## PROVIDED INFORMATION
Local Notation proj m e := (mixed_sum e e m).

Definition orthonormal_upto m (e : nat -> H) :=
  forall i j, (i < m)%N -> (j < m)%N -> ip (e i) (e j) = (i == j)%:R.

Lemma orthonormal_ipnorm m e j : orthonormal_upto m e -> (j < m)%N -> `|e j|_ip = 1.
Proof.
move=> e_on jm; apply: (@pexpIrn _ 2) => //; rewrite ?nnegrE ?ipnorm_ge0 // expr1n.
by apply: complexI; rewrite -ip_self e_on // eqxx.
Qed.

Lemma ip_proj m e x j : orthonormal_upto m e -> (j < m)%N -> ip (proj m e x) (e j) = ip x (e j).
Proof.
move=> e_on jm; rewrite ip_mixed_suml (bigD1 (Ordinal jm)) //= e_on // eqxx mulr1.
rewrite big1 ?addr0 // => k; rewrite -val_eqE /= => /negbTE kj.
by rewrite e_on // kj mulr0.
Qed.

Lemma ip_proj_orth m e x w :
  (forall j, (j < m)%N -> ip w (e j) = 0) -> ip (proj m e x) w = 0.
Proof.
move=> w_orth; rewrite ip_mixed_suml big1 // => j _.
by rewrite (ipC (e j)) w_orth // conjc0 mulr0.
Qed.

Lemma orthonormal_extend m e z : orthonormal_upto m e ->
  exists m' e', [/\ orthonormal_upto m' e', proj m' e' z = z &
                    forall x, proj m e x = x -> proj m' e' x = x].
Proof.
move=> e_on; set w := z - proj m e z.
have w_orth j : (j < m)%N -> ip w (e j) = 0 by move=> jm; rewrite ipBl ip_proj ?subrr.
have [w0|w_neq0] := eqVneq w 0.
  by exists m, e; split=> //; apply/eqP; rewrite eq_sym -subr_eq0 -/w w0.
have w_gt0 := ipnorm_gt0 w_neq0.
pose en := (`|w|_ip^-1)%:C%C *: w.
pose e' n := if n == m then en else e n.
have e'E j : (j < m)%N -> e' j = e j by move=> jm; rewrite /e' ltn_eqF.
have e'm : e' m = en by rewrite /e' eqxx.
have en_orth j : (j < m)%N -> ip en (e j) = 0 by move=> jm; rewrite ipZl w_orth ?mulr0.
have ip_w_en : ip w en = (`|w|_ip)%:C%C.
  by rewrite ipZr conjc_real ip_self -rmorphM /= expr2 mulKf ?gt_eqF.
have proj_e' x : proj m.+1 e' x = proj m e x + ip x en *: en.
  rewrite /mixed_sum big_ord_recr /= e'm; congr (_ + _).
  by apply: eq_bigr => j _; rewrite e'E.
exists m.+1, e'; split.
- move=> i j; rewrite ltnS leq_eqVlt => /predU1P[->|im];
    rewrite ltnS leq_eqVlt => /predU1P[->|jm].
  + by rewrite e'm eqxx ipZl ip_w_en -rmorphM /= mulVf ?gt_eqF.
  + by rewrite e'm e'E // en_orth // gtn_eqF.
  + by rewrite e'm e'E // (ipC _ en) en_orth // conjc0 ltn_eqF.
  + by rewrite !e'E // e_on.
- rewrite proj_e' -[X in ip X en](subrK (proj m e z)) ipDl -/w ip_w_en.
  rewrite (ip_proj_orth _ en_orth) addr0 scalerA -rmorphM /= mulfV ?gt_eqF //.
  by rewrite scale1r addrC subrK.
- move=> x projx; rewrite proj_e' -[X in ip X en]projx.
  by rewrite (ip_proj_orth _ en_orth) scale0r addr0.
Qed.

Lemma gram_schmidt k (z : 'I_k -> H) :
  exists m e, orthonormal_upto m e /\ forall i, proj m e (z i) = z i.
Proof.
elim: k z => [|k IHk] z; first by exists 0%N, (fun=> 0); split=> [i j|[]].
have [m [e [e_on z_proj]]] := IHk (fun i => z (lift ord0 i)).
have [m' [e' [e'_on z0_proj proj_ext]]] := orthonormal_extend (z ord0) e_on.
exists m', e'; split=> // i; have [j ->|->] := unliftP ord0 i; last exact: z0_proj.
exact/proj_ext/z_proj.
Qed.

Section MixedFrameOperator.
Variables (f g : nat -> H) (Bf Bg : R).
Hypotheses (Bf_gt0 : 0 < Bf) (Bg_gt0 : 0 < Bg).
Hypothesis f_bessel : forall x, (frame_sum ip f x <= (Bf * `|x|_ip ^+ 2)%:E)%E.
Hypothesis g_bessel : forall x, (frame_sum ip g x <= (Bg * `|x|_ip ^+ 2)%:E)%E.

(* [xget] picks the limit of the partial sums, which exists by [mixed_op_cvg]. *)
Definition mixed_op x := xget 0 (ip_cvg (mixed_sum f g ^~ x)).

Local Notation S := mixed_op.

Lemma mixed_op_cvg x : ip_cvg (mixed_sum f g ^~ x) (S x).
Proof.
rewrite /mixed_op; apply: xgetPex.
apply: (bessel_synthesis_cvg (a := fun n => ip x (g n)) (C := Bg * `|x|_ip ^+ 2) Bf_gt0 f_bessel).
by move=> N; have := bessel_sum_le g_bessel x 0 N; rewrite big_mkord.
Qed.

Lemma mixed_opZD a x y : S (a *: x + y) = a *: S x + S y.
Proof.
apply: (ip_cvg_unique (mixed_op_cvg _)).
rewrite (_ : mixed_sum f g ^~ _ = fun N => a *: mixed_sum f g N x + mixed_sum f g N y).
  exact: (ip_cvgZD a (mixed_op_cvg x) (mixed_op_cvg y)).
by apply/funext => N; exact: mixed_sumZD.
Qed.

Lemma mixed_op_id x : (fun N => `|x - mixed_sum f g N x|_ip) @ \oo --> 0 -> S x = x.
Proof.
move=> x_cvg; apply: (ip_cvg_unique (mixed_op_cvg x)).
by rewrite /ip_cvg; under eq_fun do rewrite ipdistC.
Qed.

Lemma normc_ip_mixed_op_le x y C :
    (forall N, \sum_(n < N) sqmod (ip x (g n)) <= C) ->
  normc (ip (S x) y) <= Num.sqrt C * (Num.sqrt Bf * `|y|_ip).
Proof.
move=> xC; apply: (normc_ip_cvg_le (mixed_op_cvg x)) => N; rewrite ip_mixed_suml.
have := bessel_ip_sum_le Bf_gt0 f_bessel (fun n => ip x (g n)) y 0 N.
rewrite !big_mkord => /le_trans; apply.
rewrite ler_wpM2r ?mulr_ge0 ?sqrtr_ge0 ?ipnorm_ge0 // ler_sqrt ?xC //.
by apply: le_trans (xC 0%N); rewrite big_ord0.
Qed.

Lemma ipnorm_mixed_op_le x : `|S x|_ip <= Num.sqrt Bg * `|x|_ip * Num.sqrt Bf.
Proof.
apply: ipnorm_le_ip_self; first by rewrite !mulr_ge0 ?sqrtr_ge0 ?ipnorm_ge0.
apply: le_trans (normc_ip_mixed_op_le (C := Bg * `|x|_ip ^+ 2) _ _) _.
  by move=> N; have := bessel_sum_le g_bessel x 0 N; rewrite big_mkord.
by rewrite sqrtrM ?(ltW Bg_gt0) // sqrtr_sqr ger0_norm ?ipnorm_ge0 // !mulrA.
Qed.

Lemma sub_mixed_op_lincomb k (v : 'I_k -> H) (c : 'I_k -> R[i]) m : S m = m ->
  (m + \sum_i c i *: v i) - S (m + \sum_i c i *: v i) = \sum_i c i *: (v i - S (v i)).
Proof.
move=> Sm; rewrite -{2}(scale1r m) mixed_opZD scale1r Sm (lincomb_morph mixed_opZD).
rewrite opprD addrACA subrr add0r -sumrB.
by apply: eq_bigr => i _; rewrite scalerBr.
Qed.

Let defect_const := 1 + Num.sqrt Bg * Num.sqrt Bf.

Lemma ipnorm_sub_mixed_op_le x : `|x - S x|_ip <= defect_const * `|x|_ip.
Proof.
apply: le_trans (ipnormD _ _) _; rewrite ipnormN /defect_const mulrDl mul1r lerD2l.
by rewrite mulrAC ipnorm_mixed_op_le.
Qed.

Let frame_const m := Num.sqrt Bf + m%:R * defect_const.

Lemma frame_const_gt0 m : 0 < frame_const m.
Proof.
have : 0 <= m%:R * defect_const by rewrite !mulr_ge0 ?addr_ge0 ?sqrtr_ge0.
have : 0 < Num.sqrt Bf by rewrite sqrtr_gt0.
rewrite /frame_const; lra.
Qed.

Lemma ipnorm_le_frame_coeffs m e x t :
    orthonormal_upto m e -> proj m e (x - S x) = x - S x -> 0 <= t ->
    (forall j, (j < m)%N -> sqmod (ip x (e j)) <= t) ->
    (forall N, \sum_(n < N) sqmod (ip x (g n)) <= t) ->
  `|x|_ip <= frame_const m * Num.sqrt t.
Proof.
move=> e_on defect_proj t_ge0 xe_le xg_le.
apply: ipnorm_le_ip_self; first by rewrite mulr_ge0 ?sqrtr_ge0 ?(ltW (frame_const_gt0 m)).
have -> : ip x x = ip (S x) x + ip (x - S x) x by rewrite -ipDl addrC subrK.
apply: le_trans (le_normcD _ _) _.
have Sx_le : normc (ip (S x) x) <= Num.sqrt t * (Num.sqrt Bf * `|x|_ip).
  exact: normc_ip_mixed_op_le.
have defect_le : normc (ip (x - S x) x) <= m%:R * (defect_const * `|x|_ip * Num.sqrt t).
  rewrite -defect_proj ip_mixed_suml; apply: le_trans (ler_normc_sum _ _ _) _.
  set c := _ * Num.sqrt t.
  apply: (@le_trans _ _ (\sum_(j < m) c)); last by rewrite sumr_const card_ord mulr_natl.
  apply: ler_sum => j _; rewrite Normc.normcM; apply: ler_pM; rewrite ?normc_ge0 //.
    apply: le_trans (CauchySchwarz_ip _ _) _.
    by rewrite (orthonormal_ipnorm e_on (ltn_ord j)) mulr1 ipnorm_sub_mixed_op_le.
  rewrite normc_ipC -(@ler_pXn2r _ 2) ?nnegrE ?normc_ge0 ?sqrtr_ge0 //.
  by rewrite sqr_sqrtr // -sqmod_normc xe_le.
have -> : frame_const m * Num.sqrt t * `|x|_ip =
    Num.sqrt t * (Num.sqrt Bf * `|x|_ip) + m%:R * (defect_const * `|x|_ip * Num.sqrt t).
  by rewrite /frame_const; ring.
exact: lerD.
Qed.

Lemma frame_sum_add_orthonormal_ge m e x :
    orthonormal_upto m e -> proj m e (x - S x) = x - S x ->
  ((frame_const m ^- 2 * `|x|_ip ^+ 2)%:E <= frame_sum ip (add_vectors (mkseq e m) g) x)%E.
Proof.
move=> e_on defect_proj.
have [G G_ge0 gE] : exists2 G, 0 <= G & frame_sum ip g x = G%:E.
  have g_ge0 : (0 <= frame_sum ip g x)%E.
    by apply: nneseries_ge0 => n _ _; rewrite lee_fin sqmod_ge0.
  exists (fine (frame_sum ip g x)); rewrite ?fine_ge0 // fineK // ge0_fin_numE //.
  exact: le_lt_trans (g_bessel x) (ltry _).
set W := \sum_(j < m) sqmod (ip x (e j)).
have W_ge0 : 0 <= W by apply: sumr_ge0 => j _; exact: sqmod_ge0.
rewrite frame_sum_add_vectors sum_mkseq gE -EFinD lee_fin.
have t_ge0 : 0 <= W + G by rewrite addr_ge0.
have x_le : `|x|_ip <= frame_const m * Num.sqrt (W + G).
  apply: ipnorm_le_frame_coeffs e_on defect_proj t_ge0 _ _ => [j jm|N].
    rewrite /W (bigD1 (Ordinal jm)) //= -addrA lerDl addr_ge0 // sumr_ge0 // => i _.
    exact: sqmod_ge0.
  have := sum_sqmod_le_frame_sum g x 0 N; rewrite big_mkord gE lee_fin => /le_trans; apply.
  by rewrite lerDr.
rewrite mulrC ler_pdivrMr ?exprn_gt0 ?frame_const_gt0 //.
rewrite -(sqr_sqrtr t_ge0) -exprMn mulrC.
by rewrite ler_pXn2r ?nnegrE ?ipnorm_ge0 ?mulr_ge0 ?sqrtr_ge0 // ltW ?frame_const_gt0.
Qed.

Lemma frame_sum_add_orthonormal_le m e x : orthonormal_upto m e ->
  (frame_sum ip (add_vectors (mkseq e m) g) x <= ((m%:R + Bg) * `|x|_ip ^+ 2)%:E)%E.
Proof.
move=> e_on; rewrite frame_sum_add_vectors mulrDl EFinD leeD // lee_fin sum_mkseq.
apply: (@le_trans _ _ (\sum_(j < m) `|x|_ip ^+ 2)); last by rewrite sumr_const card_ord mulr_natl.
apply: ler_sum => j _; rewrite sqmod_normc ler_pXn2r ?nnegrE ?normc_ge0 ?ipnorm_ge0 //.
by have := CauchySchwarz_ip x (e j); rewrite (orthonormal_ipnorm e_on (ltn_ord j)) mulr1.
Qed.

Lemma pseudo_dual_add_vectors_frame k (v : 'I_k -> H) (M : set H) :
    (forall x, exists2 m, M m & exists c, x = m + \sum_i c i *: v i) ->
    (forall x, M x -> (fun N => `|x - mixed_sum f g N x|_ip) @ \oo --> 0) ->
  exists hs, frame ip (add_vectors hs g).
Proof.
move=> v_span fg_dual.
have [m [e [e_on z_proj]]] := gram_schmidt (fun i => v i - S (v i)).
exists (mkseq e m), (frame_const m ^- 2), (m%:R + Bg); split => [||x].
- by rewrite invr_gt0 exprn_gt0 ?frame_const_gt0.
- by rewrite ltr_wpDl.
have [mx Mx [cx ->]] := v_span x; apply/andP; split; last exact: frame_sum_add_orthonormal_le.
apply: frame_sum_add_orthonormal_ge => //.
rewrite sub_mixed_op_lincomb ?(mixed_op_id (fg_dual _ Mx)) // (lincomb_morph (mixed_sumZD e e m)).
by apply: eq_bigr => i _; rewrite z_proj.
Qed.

## WORK REQUEST
Your task is to gather all lines from the entries above that hold the word "Ordinal".

## ANSWER SECTION
move=> e_on jm; rewrite ip_mixed_suml (bigD1 (Ordinal jm)) //= e_on // eqxx mulr1.
    rewrite /W (bigD1 (Ordinal jm)) //= -addrA lerDl addr_ge0 // sumr_ge0 // => i _.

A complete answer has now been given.